Salute

Zucchero: nuovo nemico numero 1

Il dentista americano Cristin Kearns Couzens non poteva credere alle sue orecchie. Durante una conferenza odontoiatrica a Seattle fu sorpresa che nessuno degli esperti invitati menzionasse caramelle e bevande analcoliche come cibi dannosi. Li indica. "Nessuno studio dimostra che lo zucchero danneggia la salute", rispondono. Davvero? "Questa risposta mi ha scioccato", ha detto, "ho lavorato per anni con clienti a basso reddito che sono stati particolarmente colpiti dalla carie, quindi come potrebbe una tale negazione essere spiegata da eminenti specialisti? "

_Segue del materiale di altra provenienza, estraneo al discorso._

(* Suppose Assumptions 1 and 2 hold and problem (P) is feasible (equivalently $\sum_i(\underline{x}_i-\phi_i(\underline{x}_i))\le\sum_i d_i\le\sum_i(\bar{x}_i-\phi_i(\bar{x}_i))$). Consider the gradient ascent dynamics $$\dot{\lambda}=\frac{dg^m(\lambda)}{d\lambda}=\sum_{i=1}^N\Big(d_i-\hat{x}_i(\lambda)+\phi_i\big(\hat{x}_i(\lambda)\big)\Big),\qquad \lambda(0)\in\mathbb{R}.$$ Then $\lim_{t\to\infty}\lambda(t)=\lambda^*$, where $\lambda^*$ is a maximizer of $g^m$ over $\mathbb{R}$, and $(\hat{x}_1(\lambda^* ),\dots,\hat{x}_N(\lambda^* ))$ is an optimal solution of problem (P).
   Context: For $i=1,\dots,N$: $d_i\in\mathbb{R}$, $\mathcal{X}_i=[\underline{x}_i,\bar{x}_i]$ a nonempty closed interval, $f_i,\phi_i:\mathbb{R}\to\mathbb{R}$. Problem (P): minimize $\sum_{i=1}^N f_i(x_i)$ subject to $\sum_{i=1}^N d_i=\sum_{i=1}^N(x_i-\phi_i(x_i))$ and $x_i\in\mathcal{X}_i$ for all $i$. Assumption 1: for each $i$, $f_i$ and $\phi_i$ are continuously differentiable, $f_i$ is strictly convex on $\mathcal{X}_i$, $\phi_i$ is convex on $\mathcal{X}_i$, and $\phi_i'(x_i)<1$ for all $x_i\in\mathcal{X}_i$. Assumption 2: $f_i'(x_i)>0$ for all $x_i\in\mathcal{X}_i$ and all $i$. Local Lagrangian: $\mathcal{L}^r_i(x_i,\lambda)=f_i(x_i)+\lambda(d_i-x_i+\phi_i(x_i))$. Let $v_i(x_i)=f_i'(x_i)(1-\phi_i'(x_i))^{-1}$ on $\mathcal{X}_i$ (strictly increasing). Define for $\lambda\in\mathbb{R}$: $\hat{x}_i(\lambda)=\underline{x}_i$ if $\lambda\le v_i(\underline{x}_i)$; $\hat{x}_i(\lambda)=v_i^{-1}(\lambda)$ if $v_i(\underline{x}_i)<\lambda<v_i(\bar{x}_i)$; $\hat{x}_i(\lambda)=\bar{x}_i$ if $\lambda\ge v_i(\bar{x}_i)$. Modified dual function: $g^m(\lambda)=\sum_{i=1}^N\mathcal{L}^r_i(\hat{x}_i(\lambda),\lambda)$; its derivative is $\sum_i(d_i-\hat{x}_i(\lambda)+\phi_i(\hat{x}_i(\lambda)))$. *)

From Stdlib Require Import Reals Lra ClassicalEpsilon.
Open Scope R_scope.

Fixpoint sumR (N : nat) (g : nat -> R) : R :=
  match N with
  | O => 0
  | S n => sumR n g + g n
  end.

Definition strictly_convex_on (h : R -> R) (a b : R) : Prop :=
  forall x y t, a <= x <= b -> a <= y <= b -> x <> y -> 0 < t < 1 ->
    h (t * x + (1 - t) * y) < t * h x + (1 - t) * h y.
Lemma sum_delta (F : 'I_n -> R -> R) (j : 'I_n) : (forall k, F k 0 = 0) ->
  \sum_(k < n) F k (@delta_mx R n 1 j 0 k 0) = F j 1.
Proof.
move=> F0; rewrite (bigD1 j) //= big1 ?addr0 => [|k kj]; first by rewrite mxE !eqxx.
by rewrite mxE (negbTE kj).
Qed.

Lemma diag_pos : (forall v : 'cV[R]_n, v != 0 -> 0 < quad A v) -> forall j, 0 < s 0 j.
Proof.
move=> PD j; have := PD (V *m delta_mx j 0).
rewrite quad_diag eigvec_coord (@sum_delta (fun k x => s 0 k * x ^+ 2)) => [|k];
  last by rewrite expr0n mulr0.
rewrite expr1n mulr1; apply; apply/eqP => /(congr1 (mulmx V^T)).
rewrite eigvec_coord mulmx0 => /matrixP/(_ j 0); rewrite !mxE !eqxx /=.
by move/eqP; rewrite oner_eq0.
Qed.

(* A nonnegative spectrum is bounded by the operator norm of A, each s_j being
   attained at the j-th eigenvector. *)
Lemma diag_le_opnorm : (forall j, 0 <= s 0 j) -> forall j, s 0 j <= opnorm A.
Proof.
move=> s0 j; rewrite /opnorm; set E := [set r | _].
pose B := \sum_i s 0 i.
have sB i : s 0 i <= B by rewrite /B (bigD1 i) //= lerDl sumr_ge0.
have Ej : E (s 0 j).
  exists (V *m delta_mx j 0); rewrite !vnorm_sqnorm -orth_sqnorm eigvec_coord.
  rewrite sqnorm_image eigvec_coord !sqnorm_sum.
  rewrite (@sum_delta (fun _ x => x ^+ 2)) ?(@sum_delta (fun k x => (s 0 k * x) ^+ 2))
    => [| k | k]; rewrite ?mulr0 ?expr0n //.
  by rewrite expr1n sqrtr1 mulr1 sqrtr_sqr ger0_norm.
have EB r : E r -> r <= B.
  move=> [v [hv ->]]; rewrite vnorm_sqnorm.
  have hv1 : sqnorm v <= 1 by move: hv; rewrite vnorm_sqnorm -[X in _ <= X]sqrtr1 ler_sqrt.
  have B0 : 0 <= B := le_trans (s0 j) (sB j).
  rewrite -(ger0_norm B0) -sqrtr_sqr; apply: ler_wsqrtr.
  apply: (@le_trans _ _ (B ^+ 2 * sqnorm v)); last first.
    by rewrite -[X in _ <= X]mulr1 ler_wpM2l ?sqr_ge0.
  rewrite sqnorm_image -orth_sqnorm sqnorm_sum mulr_sumr; apply: ler_sum => i _.
  rewrite exprMn ler_wpM2r ?sqr_ge0 // lerXn2r ?nnegrE ?s0 ?sB //.
by apply: sup_upper_bound => //; split; [exists (s 0 j) | exists B].
Qed.
(* Track the segment [[a, b]] of the x-axis seen by the drone.  A Hedge move of length [s]
   towards a new request pushes the near end of [[a, b]] out by [s * lead_rate] and the far
   end by [s * trail_rate = k * s * lead_rate], while the height grows by [s * cos beta]; so
   the cost of Hedge is its final height over [cos beta], i.e. proportional to [b - a].  An
   invariant relating [[a, b]] to the hull [[-1, M]] of the requests ([hedge_inv]) bounds
   [b - a], giving cost at most [(1 + A M) / lead_rate].  A solution ends at a point seeing
   [[-l, r]] with [l >= 1], [r >= M], at distance [sqrt (l^2 + r^2 + B l r) / (2 sin alpha)]
   from the origin, which bounds OPT from below.  The resulting ratio is maximal at [M = r0],
   and the inputs [0, r0, -1] (or [0, -1] when [r0 = 0]) attain it; the hypothesis on
   [(alpha, beta)] amounts to [r0 >= 0]. *)

Lemma Rabs_le_inv y c : Rabs y <= c -> - c <= y <= c.
Proof.
  intros H. pose proof (Rle_abs y). pose proof (Rle_abs (- y)).
  rewrite Rabs_Ropp in *. lra.
Qed.

Lemma Rdiv_le_0_compat a b : 0 <= a -> 0 < b -> 0 <= a / b.
Proof. intros Ha Hb. apply Rmult_le_pos; [exact Ha | left; apply Rinv_0_lt_compat, Hb]. Qed.

Lemma dist_self p : dist p p = 0.
Proof. unfold dist. rewrite !Rminus_diag, pow_i, Rplus_0_r by lia. apply sqrt_0. Qed.

Lemma dist_triangle p q r : dist p r <= dist p q + dist q r.
Proof.
  unfold dist. pose proof (triangle (fst p) (snd p) (fst r) (snd r) (fst q) (snd q)) as H.
  unfold dist_euc in H. rewrite !Rsqr_pow2 in H. exact H.
Qed.

Lemma path_cost_ge_dist P n : dist (P O) (P n) <= path_cost P n.
Proof.
  induction n as [|n IH]; simpl.
  - rewrite dist_self. lra.
  - pose proof (dist_triangle (P O) (P n) (P (S n))). lra.
Qed.

Lemma glb_ratio_le (E : R -> Prop) opt a F :
  is_glb E opt -> 0 < a -> 0 < F -> (forall c, E c -> a <= F * c) -> a / opt <= F.
Proof.
  intros [_ Hglb] Ha HF Hlow.
  assert (Hopt : a / F <= opt).
  { apply Hglb. intros c Hc. specialize (Hlow c Hc).
    apply (Rmult_le_reg_l F); [lra|]. field_simplify; lra. }
  assert (0 < a / F) by (apply Rdiv_lt_0_compat; lra).
  assert (a <= F * opt).
  { apply (Rmult_le_compat_l F) in Hopt; [|lra].
    replace (F * (a / F)) with a in Hopt by (field; lra). exact Hopt. }
  apply (Rmult_le_reg_r opt); [lra|].
  replace (a / opt * opt) with a by (field; lra). lra.
Qed.

Definition cone_form (B l r : R) : R := l ^ 2 + r ^ 2 + B * l * r.

Lemma cone_form_sum_squares B l r :
  4 * cone_form B l r = (2 + B) * (l + r) ^ 2 + (2 - B) * (l - r) ^ 2.
Proof. unfold cone_form. ring. Qed.

Lemma cone_form_nonneg B l r : -2 <= B <= 2 -> 0 <= cone_form B l r.
Proof.
  intros HB. pose proof (cone_form_sum_squares B l r).
  assert (0 <= (2 + B) * (l + r) ^ 2) by (apply Rmult_le_pos; [lra | apply pow2_ge_0]).
  assert (0 <= (2 - B) * (l - r) ^ 2) by (apply Rmult_le_pos; [lra | apply pow2_ge_0]).
  lra.
Qed.

Lemma cone_form_1_pos B r : -2 < B < 2 -> 0 < cone_form B 1 r.
Proof.
  intros HB. pose proof (cone_form_sum_squares B 1 r).
  assert (0 <= (2 + B) * (1 + r) ^ 2) by (apply Rmult_le_pos; [lra | apply pow2_ge_0]).
  assert (0 <= (2 - B) * (1 - r) ^ 2) by (apply Rmult_le_pos; [lra | apply pow2_ge_0]).
  destruct (Rle_lt_dec 0 r); nra.
Qed.

Lemma cone_form_le B M l r : -2 <= B <= 2 -> 0 <= M <= 1 -> 0 <= 2 * M + B ->
  1 <= l -> M <= r -> cone_form B 1 M <= cone_form B l r.
Proof.
  intros HB HM HMB Hl Hr. unfold cone_form.
  replace l with (1 + (l - 1)) by ring. replace r with (M + (r - M)) by ring.
  set (d := l - 1). set (e := r - M).
  assert (0 <= d * (2 + B * M)) by (apply Rmult_le_pos; unfold d; nra).
  assert (0 <= e * (2 * M + B)) by (apply Rmult_le_pos; unfold e; lra).
  pose proof (cone_form_nonneg B d e HB). unfold cone_form in *. nra.
Qed.
(* Let $w\in\mathbb{C}^L$ be real and nonnegative, $a$ a positive integer dividing $L$, $N=L/a$, $M$ a positive integer, and let $w_r$, $M_L$, $b_L$, $\phi_{m,n,r}$ be as in the context. For $s,t\in\mathbb{Z}_L$ and $n,r\in\mathbb{Z}_N$ define $\beta_{nr}(s,t)=w_r[t-na]\,w_r[t-na-s]$. Let $I$ be any admissible selection function for which $M[n,r]=M_{\mathrm{g}}$ for all $n,r$, for some $M_{\mathrm{g}}\in\{1,2,\dots,L\}$. If $$\text{for all }t\in\mathbb{Z}_L:\quad\sum_{n=0}^{N-1}\sum_{r=0}^{N-1}I[n,r]\Big(\beta_{nr}(0,t)-\sum_{k\neq0}\beta_{nr}(kM_{\mathrm{g}},t)\Big)>0,$$ where the inner sum runs over integers $k\neq 0$ with $k\in\{\lceil (t-(L-1))/M_{\mathrm{g}}\rceil,\dots,\lfloor t/M_{\mathrm{g}}\rfloor\}$ (with $t$ represented in $\{0,\dots,L-1\}$), then the superposition system $\mathscr{F}(I)$ is a frame for $\mathbb{C}^L$.
   Context: Vectors in $\mathbb{C}^L$ are indexed by $t\in\mathbb{Z}_L$ (represented by $\{0,\dots,L-1\}$), with $\langle x,y\rangle=\sum_t x[t]\overline{y[t]}$. $\mathcal{T}_kw[t]=w[t-k]$ (indices mod $L$), $\mathcal{M}_\beta w[t]=w[t]e^{2\pi i\beta t/L}$. A finite family $\{\phi_j\}$ is a frame for $\mathbb{C}^L$ if there exist $0<A\le B<\infty$ with $A\|x\|^2\le\sum_j|\langle x,\phi_j\rangle|^2\le B\|x\|^2$ for all $x$. Superposition windows: $w_r=\sum_{n=0}^{r}\mathcal{T}_{na}w$ for $r\in\mathbb{Z}_N$ (identified with $\{0,\dots,N-1\}$). Let $M_L=\operatorname{lcm}(1,2,\dots,\max(L,M))$, $b_L=L/M_L$, and $\phi_{m,n,r}=\mathcal{M}_{mb_L}\mathcal{T}_{na}w_r$ for $m\in\mathbb{Z}_{M_L}$, $n,r\in\mathbb{Z}_N$. An ordered partition function is a map $\widetilde I:\mathbb{Z}_N\times\mathbb{Z}_N\to\{0,1\}$, not identically zero, such that (i) if $\widetilde I[n,r]=1$ then $\widetilde I[n,r']=0$ for all $r'\neq r$; (ii) if $\widetilde I[n,r]=1$ then $\widetilde I[n',r']=0$ for all $n'\in\{n+1,\dots,n+r\}$ (mod $N$) and all $r'$; (iii) if $\widetilde I[n,r]=1$ then $\widetilde I[n+r+1,r']=1$ for exactly one $r'\in\mathbb{Z}_N$ (indices mod $N$). Given an ordered partition function $\widetilde I$ and a function $M[n,r]$ on $\mathbb{Z}_N\times\mathbb{Z}_N$ with positive integer values dividing $M_L$, an admissible selection function is a map $I:\mathbb{Z}_{M_L}\times\mathbb{Z}_N\times\mathbb{Z}_N\to\{0,1\}$ with $I[0,n,r]=\widetilde I[n,r]$ for all $n,r$, and such that $I[0,n,r]=1$ implies $I[(M_L/M[n,r])m,n,r]=1$ for all $m\in\mathbb{Z}_{M[n,r]}$. One writes $I[n,r]$ for $I[0,n,r]$. The superposition system is $\mathscr{F}(I)=\{\phi_{m,n,r}: I[m,n,r]=1\}$. *)

From mathcomp Require Import all_boot all_order all_algebra.
From mathcomp Require Import reals trigo.
From mathcomp Require Export complex.
Set Implicit Arguments.
Unset Strict Implicit.
Unset Printing Implicit Defensive.
Import Order.TTheory GRing.Theory Num.Theory.
Local Open Scope ring_scope.
Local Open Scope complex_scope.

Incuriosito, decide di indagare. Quello che non sa è che questa domanda posta nel 2007 l'avrebbe condotta al centro di una storia come un romanzo spionistico. E a anni di indagini - in particolare venti mesi intensivi. Scopre il vaso di rose: l'industria dello zucchero usa le stesse tattiche utilizzate dalle compagnie del tabacco 30 anni fa per nascondere i pericoli del tabacco. In file polverosi, il dentista trova strategie per influenzare l'opinione pubblica e i memo che spiegano come bloccare le raccomandazioni nutrizionali (dallo stato, da organismi internazionali) che ne limitano il consumo. Peggio ancora, la lobby dello zucchero sta finanziando i ricercatori per ridurre la reputazione dannosa degli alimenti zuccherati, ad esempio mettendo in discussione il legame tra diete ad alto contenuto di carboidrati e diabete di tipo 2, una malattia esplosa in Nord America. Nord.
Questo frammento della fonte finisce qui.